こっち……というか、エクスカリバーに向かって。
「わ"ん! わ"んっ!」
そして、すぐに鳴き出した。
『あー、どうしたんですかー。王王ちゃん~』
小さい柄から意外なほどに厳つい声で鳴く小型犬。なかなか立派な歯並びをしているようだ。
紅ちゃんが驚いて持っていたリードを握りしめる。
「ぁぅーん……」
一方、鳴かれた本犬であるエクスカリバーは、小型犬よりも低い姿勢になって困った声を出していた。
おまっ、大きいくせにビビってるのか!
「あらら、負けてるやんエクスカリバー……。まあ、この子は気ぃ弱いからなぁ」
「それマジで言ってるんですか由愛さん!?」
コイツのどこが気弱なんですか!
……でも、今の姿だけを見たら納得できなくもないけどな。
「うちの子がごめんなさい……! こら、王王! 帰るわよ!」
『ごめんなさい~、では、また今度~』
「ま、またね。
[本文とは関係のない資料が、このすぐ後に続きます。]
(* In the setting where $g=\phi_\eta(\nu)\sigma_h\in\operatorname{Aut}(V_\Lambda)$ has finite order $n>1$ and type $0$, $V_\Lambda^g$ satisfies positivity, $\operatorname{rk}((V_\Lambda^{\mathrm{orb}(g)})_1)=\operatorname{rk}((V_\Lambda^g)_1)>0$, $\phi_\eta(\nu)$ is a standard lift and $h\in\pi_\nu(\Lambda\otimes\mathbb{Q})$: suppose $\Phi(g)$ contains a connected component of affine type with nodes $\alpha_0,\dots,\alpha_l\in\Pi(g)$, and let $a_0,\dots,a_l$ be its Kac labels (the coprime positive integers with $\sum_i a_i\alpha_i=0$). Put $\beta_i=\alpha_i+h\in\tilde\Pi(g)$. Then $$h=\Big(\sum_{i=0}^l a_i\beta_i\Big)\Big/\Big(\sum_{i=0}^l a_i\Big).$$ In particular $h$ is determined by the shifted weights $\tilde\Pi(g)$.
   Context: $\Lambda$ is the Leech lattice, $V_\Lambda$ its lattice VOA; automorphisms are $\phi_\eta(\nu)\sigma_h$ with $\nu\in\mathrm{O}(\Lambda)$, $\phi_\eta(\nu)$ a lift (standard if $\eta|_{\Lambda^\nu}=1$), $\sigma_h=e^{2\pi ih_0}$; $\pi_\nu$ is the projection onto the $\nu$-fixed subspace of $\Lambda\otimes\mathbb{C}$. $V_\Lambda(g)$ is the unique irreducible $g$-twisted module; type $0$ means its conformal weight lies in $\frac1n\mathbb{Z}$; positivity means every irreducible $V_\Lambda^g$-module other than $V_\Lambda^g$ has positive conformal weight; $V_\Lambda^{\mathrm{orb}(g)}=\bigoplus_{i\in\mathbb{Z}_n}W^{(i,0)}$ is the cyclic orbifold construction. Then $\mathfrak h=(V_\Lambda^g)_1\cong\pi_\nu(\Lambda\otimes\mathbb{C})$ is a Cartan subalgebra of $(V_\Lambda^{\mathrm{orb}(g)})_1$; $\Pi(g)\subseteq\mathfrak h^*\cong\mathfrak h$ is the set of weights of $\mathfrak h$ on $V_\Lambda(g)_1$, $\Phi(g)$ the Dynkin diagram on nodes $\Pi(g)$ with Cartan matrix $2\langle\alpha_i,\alpha_j\rangle/\langle\alpha_i,\alpha_i\rangle$, and $\tilde\Pi(g)=\Pi(g)+h\subseteq\pi_\nu(\Lambda)$ the shifted weights. *)

From mathcomp Require Import all_boot all_order all_algebra.
Set Implicit Arguments. Unset Strict Implicit. Unset Printing Implicit Defensive.
Import Order.TTheory GRing.Theory Num.Theory.
Local Open Scope ring_scope.

(* Abstract linear-algebra setting: V plays the role of h* ~ h = pi_nu(Lambda (x) C),
   with the bilinear form <.,.>; Pi is the set of weights Pi(g). *)

Definition cartan_entry (R : numFieldType) (V : lmodType R) (form : V -> V -> R)
  (l : nat) (alpha : 'I_l.+1 -> V) (i j : 'I_l.+1) : R :=
  2 * form (alpha i) (alpha j) / form (alpha i) (alpha i).

Definition is_gcm (R : numFieldType) (l : nat) (A : 'I_l.+1 -> 'I_l.+1 -> R) : Prop :=
  (forall i, A i i = 2) /\
  (forall i j, i != j -> exists z : int, z <= 0 /\ A i j = z%:~R) /\
  (forall i j, A i j = 0 <-> A j i = 0).

Definition gcm_indecomposable (R : numFieldType) (l : nat)
  (A : 'I_l.+1 -> 'I_l.+1 -> R) : Prop :=
  forall S : {set 'I_l.+1}, S != set0 -> S != setT ->
    exists i j, [/\ i \in S, j \notin S & A i j != 0].

(* affine type (Kac, Thm 4.3): indecomposable GCM admitting a positive null vector *)
Definition affine_type (R : numFieldType) (l : nat) (A : 'I_l.+1 -> 'I_l.+1 -> R) : Prop :=
  [/\ is_gcm A, gcm_indecomposable A &
      exists u : 'I_l.+1 -> R, (forall j, 0 < u j) /\ (forall i, \sum_j A i j * u j = 0)].

(* alpha_0..alpha_l are distinct nodes of Pi forming a connected component of the
   diagram Phi on Pi (no edges to other nodes of Pi) which is of affine type *)
Definition affine_component (R : numFieldType) (V : lmodType R) (form : V -> V -> R)
  (Pi : V -> Prop) (l : nat) (alpha : 'I_l.+1 -> V) : Prop :=
  [/\ forall i, Pi (alpha i),
      injective alpha,
      (forall i, form (alpha i) (alpha i) != 0),
      (forall i b, Pi b -> (forall j, b <> alpha j) -> form (alpha i) b = 0) &
      affine_type (cartan_entry form alpha)].

Definition kac_labels (R : numFieldType) (V : lmodType R) (l : nat)
  (alpha : 'I_l.+1 -> V) (a : 'I_l.+1 -> nat) : Prop :=
  [/\ forall i, (0 < a i)%N,
      \big[gcdn/0%N]_i a i = 1%N &
      \sum_i (a i)%:R *: alpha i = 0].

From mathcomp Require Import all_boot all_order all_algebra.
Import Order.TTheory GRing.Theory Num.Theory.
Local Open Scope ring_scope.

(* Shifting every node by h adds (sum_i a_i) h to the relation sum_i a_i alpha_i = 0,
   so h is the a-weighted mean of the shifted nodes; only positivity of the labels
   is needed to divide by their sum. *)

Lemma sum_scale_shift (R : pzRingType) (V : lmodType R) (n : nat)
    (c : 'I_n -> R) (v : 'I_n -> V) (h : V) :
  \sum_i c i *: (v i + h) = \sum_i c i *: v i + (\sum_i c i) *: h.
Proof.
rewrite scaler_suml -big_split /=.
by apply: eq_bigr => i _; rewrite scalerDr.
Qed.

Lemma sum_natr_pos_neq0 (R : numDomainType) (n : nat) (a : 'I_n.+1 -> nat) :
  (forall i, (0 < a i)%N) -> \sum_i (a i)%:R != 0 :> R.
Proof.
move=> a_pos; apply: lt0r_neq0.
rewrite (bigD1 ord0) //= ltr_pwDl ?ltr0n ?a_pos //.
by apply: sumr_ge0 => i _; rewrite ler0n.
Qed.

Theorem proposition4p4 (R : numFieldType) (V : lmodType R) (form : V -> V -> R)
  (Pi : V -> Prop) (h : V) (l : nat) (alpha : 'I_l.+1 -> V) (a : 'I_l.+1 -> nat) :
  affine_component form Pi alpha ->
  kac_labels alpha a ->
  let beta := fun i => alpha i + h in
  h = (\sum_i (a i)%:R)^-1 *: \sum_i (a i)%:R *: beta i.
Proof.
move=> _ [a_pos _ null_relation] beta.
rewrite sum_scale_shift null_relation add0r scalerA mulVf ?scale1r //.
exact: sum_natr_pos_neq0.
Qed.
紅ちゃん碧ちゃん。それと、九葉台さん」
「ごきげんよう、お二方」
三人と一匹と別れ、散歩を続行。
「そうかー。あの子、真っ黒やったもんね」
「あの小型犬のことですよね?」
「うん。まさに聖なるものと相対する存在。暗黒物質の力にはエクスカリバーをもってしても厳しいんやろなぁ」
「ん……え、ダーク?」
「円卓レベルなんやろうなぁ」
「はぁ」
……。
…………はぁ?
由愛さんは独り言のように呟いていたが、俺にはやっぱり意味を理解できなかった。